** Stored data follows **

Definition loglog (u : R) : R := ln (- ln u).

Lemma bigamma_integrand_exp x y u :
  bigamma_integrand x y u = exp ((x - 1) * loglog u + (y - 1) * loglog (1 - u)).
Proof. unfold bigamma_integrand, Rpower, loglog. now rewrite exp_plus. Qed.

Lemma bigamma_integrand_reflect x y u : bigamma_integrand y x (1 - u) = bigamma_integrand x y u.
Proof. unfold bigamma_integrand. replace (1 - (1 - u)) with u by ring. ring. Qed.

Lemma bigamma_integrand_cont x y u : 0 < u < 1 -> continuous (bigamma_integrand x y) u.
Proof.
  intro Hu. apply ex_derive_continuous_R. unfold bigamma_integrand, Rpower.
  assert (0 < - ln u) by (apply mlog_pos; lra).
  assert (0 < - ln (1 + - u)) by (apply mlog_pos; lra).
  auto_derive. repeat split; lra.
Qed.

Lemma loglog_ge_near0 u : 0 < u <= 1/2 -> - ln 2 <= loglog u.
Proof.
  intro Hu. assert (B := mlog_bounds u ltac:(lra)). unfold loglog.
  rewrite <- (ln_exp (- ln 2)). apply ln_le; [apply exp_pos|].
  rewrite exp_Ropp, exp_ln; lra.
Qed.

Lemma loglog_near1 u : 0 < u <= 1/2 -> ln u <= loglog (1 - u) <= ln 2 + ln u.
Proof.
  intro Hu. assert (B := mlog_bounds (1 - u) ltac:(lra)).
  replace (1 - (1 - u)) with u in B by ring. unfold loglog. split.
  - apply ln_le; lra.
  - rewrite <- ln_mult by lra. apply ln_le; [apply mlog_pos; lra|].
    apply Rle_trans with (u / (1 - u)); [lra|].
    apply Rle_trans with (u * 2); [|lra]. apply Rmult_le_compat_l; [lra|].
    replace 2 with (/ (1/2)) by field. apply Rinv_le_contravar; lra.
Qed.

Lemma loglog_lt_mlog e u : 0 < e -> 0 < u < 1 -> loglog u < e * (- ln u) - ln e.
Proof.
  intros He Hu. assert (Hz := mlog_pos u Hu).
  assert (A := ln_lt_id (e * - ln u) ltac:(nra)). rewrite ln_mult in A by lra.
  unfold loglog. lra.
Qed.

Lemma loglog_scal_le_near0 x c : 0 < c -> exists K, forall u, 0 < u <= 1/2 ->
  (x - 1) * loglog u <= K + c * (- ln u).
Proof.
  intros Hc. destruct (Rle_or_lt x 1) as [Hx1|Hx1].
  - exists ((1 - x) * ln 2). intros u Hu.
    assert (A := loglog_ge_near0 u Hu). assert (B := mlog_pos u ltac:(lra)). nra.
  - (* [loglog u < e (-ln u) - ln e] with the slope [e] tuned so that [(x-1) e = c] *)
    set (e := c / (x - 1)). assert (He : 0 < e) by (apply Rdiv_lt_0_compat; lra).
    exists (- (x - 1) * ln e). intros u Hu.
    assert (A := loglog_lt_mlog e u He ltac:(lra)).
    assert (Ee : (x - 1) * e = c) by (unfold e; field; lra). nra.
Qed.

** End of Stored data **

→ Required work:
For the word "ltac", find all matching lines in the entries above and copy them out.

→ Answer to the exercise:
  intro Hu. assert (B := mlog_bounds u ltac:(lra)). unfold loglog.
  intro Hu. assert (B := mlog_bounds (1 - u) ltac:(lra)).
  assert (A := ln_lt_id (e * - ln u) ltac:(nra)). rewrite ln_mult in A by lra.
    assert (A := loglog_ge_near0 u Hu). assert (B := mlog_pos u ltac:(lra)). nra.
    assert (A := loglog_lt_mlog e u He ltac:(lra)).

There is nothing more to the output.